Return, forgetful Muse, and straight redeem
In gentle numbers time so idly spent;
Sing to the ear that doth thy lays esteem,
And gives thy pen both skill and argument.
In the second quatrain of ‘Sonnet 100,’ the speaker asks the “forgetful Muse” to come back right away and fix everything that’s broken. He wants to go back to writing a “gentle” verse that he loves that is inspired by his beloved. It is he who loves the verse the muse inspires. The Fair Youth should be more important to his muse, the speaker thinks. It is he would give “thy pen” the “skill” to write and the content to write about.
Rise, resty Muse; my love’s sweet face survey,
If time have any wrinkle graven there;
If any, be a satire to decay,
And make time’s spoils despisèd everywhere.
Give my love fame faster than time wastes life;
So thou prevent’st his scythe and crookèd knife.
In the third and final quatrain of ‘Sonnet 100,’ the speaker tells the muse to get up, even though it’s sleepy.

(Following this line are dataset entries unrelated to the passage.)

Inductive unb (c : calculus) : tm -> tm -> Prop :=
| unb_surf : forall M M', surf c M M' -> unb c M M'
| unb_lam : forall P P', normal (surf c) (Lam P) -> unb c P P' ->
    unb c (Lam P) (Lam P')
| unb_appl : forall P P' Q, normal (surf c) (App P Q) -> unb c P P' ->
    unb c (App P Q) (App P' Q)
| unb_appr : forall P Q Q', normal (surf c) (App P Q) -> unb c Q Q' ->
    unb c (App P Q) (App P Q')
| unb_opr : forall o l1 l2 P P', normal (surf c) (Opr o (l1 ++ P :: l2)) ->
    unb c P P' -> unb c (Opr o (l1 ++ P :: l2)) (Opr o (l1 ++ P' :: l2)).

End Lambda.

Arguments Var {Op}. Arguments Lam {Op}. Arguments App {Op}. Arguments Opr {Op}.
Arguments wf {Op}. Arguments lift {Op}. Arguments subst {Op}. Arguments subst0 {Op}.
Arguments is_value {Op}. Arguments beta_rule {Op}. Arguments betav_rule {Op}.
Arguments rule {Op}. Arguments full {Op}. Arguments head {Op}. Arguments weak {Op}.
Arguments left {Op}. Arguments right {Op}. Arguments step {Op}. Arguments surf {Op}.
Arguments normal {Op}. Arguments unb {Op}.

(* Surface reduction is diamond, and a step of the full reduction out of a
   surface-normal term is internal and leaves the term surface-normal.  As the
   unbiased reduction enters a term only once its surface is normal, the diamond
   property propagates through its inductive definition, and it has a step exactly
   when the full reduction has one.  For normalizing reductions, Takahashi's method
   factorizes parallel reduction as surface reduction followed by internal parallel
   reduction; hence M ->* N with N normal splits as M ->s* Z ->* N with Z
   surface-normal, all later steps happen inside the immediate subterms of Z, and
   induction on N concludes. *)

From Stdlib Require Import List Relations Arith Lia Classical.
Import ListNotations.

Section UnbiasedReduction.
Variable Op : Type.
Local Notation term := (tm Op).
Local Notation rt R := (clos_refl_trans term R).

He wants to take a look at the youth’s face to see how much time as passed and if there are now the much-dreaded wrinkles in his skin. If it turns out that there are wrinkles, then they need to “satire to decay,” or satirizing the aging process and make sure that everyone knows how hateful time is.

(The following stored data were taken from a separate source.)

Lemma clamp01_lipschitz u u' : Rabs (clamp01 u - clamp01 u') <= Rabs (u - u').
Proof. unfold clamp01, Rmax, Rmin; repeat destruct Rle_dec; split_Rabs; lra. Qed.

(* For [0 <= v <= 2], both [t] and [v - t] lie in [[0,1]] iff [diag_lo v <= t <= diag_hi v]. *)
Definition diag_lo (v : R) : R := Rmax 0 (v - 1).
Definition diag_hi (v : R) : R := Rmin v 1.

Lemma diag_bounds v : 0 <= v <= 2 ->
  0 <= diag_lo v /\ v - 1 <= diag_lo v /\ diag_lo v <= diag_hi v /\
  diag_hi v <= 1 /\ diag_hi v <= v /\
  (diag_lo v = 0 \/ diag_lo v = v - 1) /\ (diag_hi v = v \/ diag_hi v = 1).
Proof. intros; unfold diag_lo, diag_hi, Rmax, Rmin; repeat destruct Rle_dec; lra. Qed.

Section Matching.

Variables (f g : R -> R) (L : R).
Hypotheses (f_cont : cont_on 0 1 f) (g_cont : cont_on 0 1 g)
  (f_mono : nondecr_on 0 1 f) (g_mono : nondecr_on 0 1 g)
  (f0 : f 0 = 0) (g0 : g 0 = 0) (f1 : f 1 = L) (g1 : g 1 = L).

(* The disjunct [t = diag_lo v] only makes the set nonempty for every [v]; when
   [0 <= v <= 2] it is subsumed by the other one (see [meet_set_iff]). *)
Definition meet_set (v t : R) : Prop :=
  t = diag_lo v \/ (diag_lo v <= t <= diag_hi v /\ f t <= g (v - t)).

Lemma meet_set_has_lub v : {m | is_lub (meet_set v) m}.
Proof.
  apply completeness.
  - exists (Rmax (diag_lo v) (diag_hi v)); intros t [->|[ht _]].
    + apply Rmax_l.
    + eapply Rle_trans; [apply ht | apply Rmax_r].
  - exists (diag_lo v); now left.
Qed.

Definition meet (v : R) : R := proj1_sig (meet_set_has_lub v).

Lemma meet_is_lub v : is_lub (meet_set v) (meet v).
Proof. exact (proj2_sig (meet_set_has_lub v)). Qed.

Lemma f_le_g_at_diag_lo v : 0 <= v <= 2 -> f (diag_lo v) <= g (v - diag_lo v).
Proof.
  intros hv; destruct (diag_bounds v hv) as (l0 & l1 & lh & h1 & hv' & [e|e] & _); rewrite e.
  - rewrite f0; rewrite <- g0; apply g_mono; lra.
  - replace (v - (v - 1)) with 1 by ring; rewrite g1, <- f1; apply f_mono; lra.
Qed.

Lemma g_le_f_at_diag_hi v : 0 <= v <= 2 -> g (v - diag_hi v) <= f (diag_hi v).
Proof.
  intros hv; destruct (diag_bounds v hv) as (l0 & l1 & lh & h1 & hv' & _ & [e|e]); rewrite e.
  - replace (v - v) with 0 by ring; rewrite g0, <- f0; apply f_mono; lra.
  - rewrite f1, <- g1; apply g_mono; lra.
Qed.

Lemma meet_set_iff v t : 0 <= v <= 2 ->
  meet_set v t <-> diag_lo v <= t <= diag_hi v /\ f t - g (v - t) <= 0.
Proof.
  intros hv; pose proof (diag_bounds v hv); pose proof (f_le_g_at_diag_lo v hv).
  split; [intros [->|[ht hfg]]|intros [ht hfg]]; [split; lra | split; lra |].
  right; split; [exact ht | lra].
Qed.

Lemma meet_spec v : 0 <= v <= 2 ->
  diag_lo v <= meet v <= diag_hi v /\ f (meet v) = g (v - meet v).
Proof.
  intros hv; destruct (diag_bounds v hv) as (l0 & l1 & lh & h1 & hv' & _).
  destruct (is_lub_sublevel_root (fun t => f t - g (v - t)) (diag_lo v) (diag_hi v)
              (meet_set v) (meet v)) as [hm e].
  - exact lh.
  - apply cont_on_sub.
    + apply (cont_on_subinterval 0 1); [lra | lra | exact f_cont].
    + apply (cont_on_subinterval (v - 1) (v - 0)); [lra | lra |].
      now apply cont_on_reflect.
  - pose proof (f_le_g_at_diag_lo v hv); lra.
  - pose proof (g_le_f_at_diag_hi v hv); lra.
  - intros t; now apply meet_set_iff.
  - apply meet_is_lub.
  - split; [exact hm | lra].
Qed.

Lemma meet_le v v' : 0 <= v <= 2 -> 0 <= v' <= 2 -> v <= v' -> meet v <= meet v'.
Proof.
  intros hv hv' hvv.
  destruct (diag_bounds v hv) as (l0 & l1 & lh & h1 & hle & _).
  destruct (diag_bounds v' hv') as (l0' & l1' & lh' & h1' & hle' & _ & hh').
  destruct (meet_spec v hv) as [hm e].
  destruct (Rlt_or_le (meet v) (diag_lo v')) as [|hlo].
  { pose proof (meet_spec v' hv'); lra. }
  apply (meet_is_lub v'), (meet_set_iff v' _ hv').
  split; [split; [exact hlo | destruct hh'; lra]|].
  rewrite e; enough (g (v - meet v) <= g (v' - meet v)) by lra.
  apply g_mono; lra.
Qed.

Lemma meet_increment_le v v' : 0 <= v <= 2 -> 0 <= v' <= 2 -> v <= v' ->
  meet v' - meet v <= v' - v.
Proof.
  intros hv hv' hvv.
  destruct (diag_bounds v hv) as (l0 & l1 & lh & h1 & hle & _ & hh).
  destruct (diag_bounds v' hv') as (l0' & l1' & lh' & h1' & hle' & _).
  destruct (meet_spec v' hv') as [hm' e'].
  set (t := meet v' - (v' - v)).
  destruct (Rle_or_lt t (diag_lo v)) as [|hlo].
  { pose proof (meet_spec v hv); unfold t in *; lra. }
  enough (t <= meet v) by (unfold t in *; lra).
  apply (meet_is_lub v), (meet_set_iff v _ hv).
  split; [split; unfold t in *; [lra | destruct hh; lra]|].
  replace (v - t) with (v' - meet v') by (unfold t; ring); rewrite <- e'.
  enough (f t <= f (meet v')) by lra.
  apply f_mono; unfold t in *; lra.
Qed.

Lemma meet_0 : meet 0 = 0.
Proof.
  destruct (meet_spec 0 ltac:(lra)) as [h _].
  unfold diag_lo, diag_hi, Rmax, Rmin in h; repeat destruct Rle_dec in h; lra.
Qed.

Lemma meet_2 : meet 2 = 1.
Proof.
  destruct (meet_spec 2 ltac:(lra)) as [h _].
  unfold diag_lo, diag_hi, Rmax, Rmin in h; repeat destruct Rle_dec in h; lra.
Qed.

Lemma meet_dist_le v v' : 0 <= v <= 2 -> 0 <= v' <= 2 ->
  Rabs (meet v - meet v') <= Rabs (v - v') /\
  Rabs ((v - meet v) - (v' - meet v')) <= Rabs (v - v').
Proof.
  intros hv hv'; destruct (Rle_or_lt v v') as [hle|hlt].
  - pose proof (meet_le v v' hv hv' hle); pose proof (meet_increment_le v v' hv hv' hle).
    split; split_Rabs; lra.
  - pose proof (meet_le v' v hv' hv ltac:(lra)).
    pose proof (meet_increment_le v' v hv' hv ltac:(lra)).
    split; split_Rabs; lra.
Qed.

(* Clamping makes the parameters Lipschitz on all of [R], which [continuity_pt] at the
   endpoints 0 and 1 requires. *)
Definition match_param1 (u : R) : R := meet (2 * clamp01 u).
Definition match_param2 (u : R) : R := 2 * clamp01 u - meet (2 * clamp01 u).

Lemma match_params_lipschitz u u' :
  Rabs (match_param1 u - match_param1 u') <= 2 * Rabs (u - u') /\
  Rabs (match_param2 u - match_param2 u') <= 2 * Rabs (u - u').
Proof.
  pose proof (clamp01_range u); pose proof (clamp01_range u').
  pose proof (clamp01_lipschitz u u').
  destruct (meet_dist_le (2 * clamp01 u) (2 * clamp01 u') ltac:(lra) ltac:(lra)) as [d1 d2].
  replace (2 * clamp01 u - 2 * clamp01 u') with (2 * (clamp01 u - clamp01 u')) in d1, d2
    by ring.
  rewrite Rabs_mult, (Rabs_right 2) in d1, d2 by lra.
  unfold match_param1, match_param2; split; lra.
Qed.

In the last two lines, the poem is turned fully towards the youth who he wants to worship as he once did. He would like to make the youth famous faster than “time wastes life” so that everyone knows who he is and his good nature before his death. If this can be accomplished, then the youth will not be cut down by the “crookèd knife” of time, a wonderful example of personification.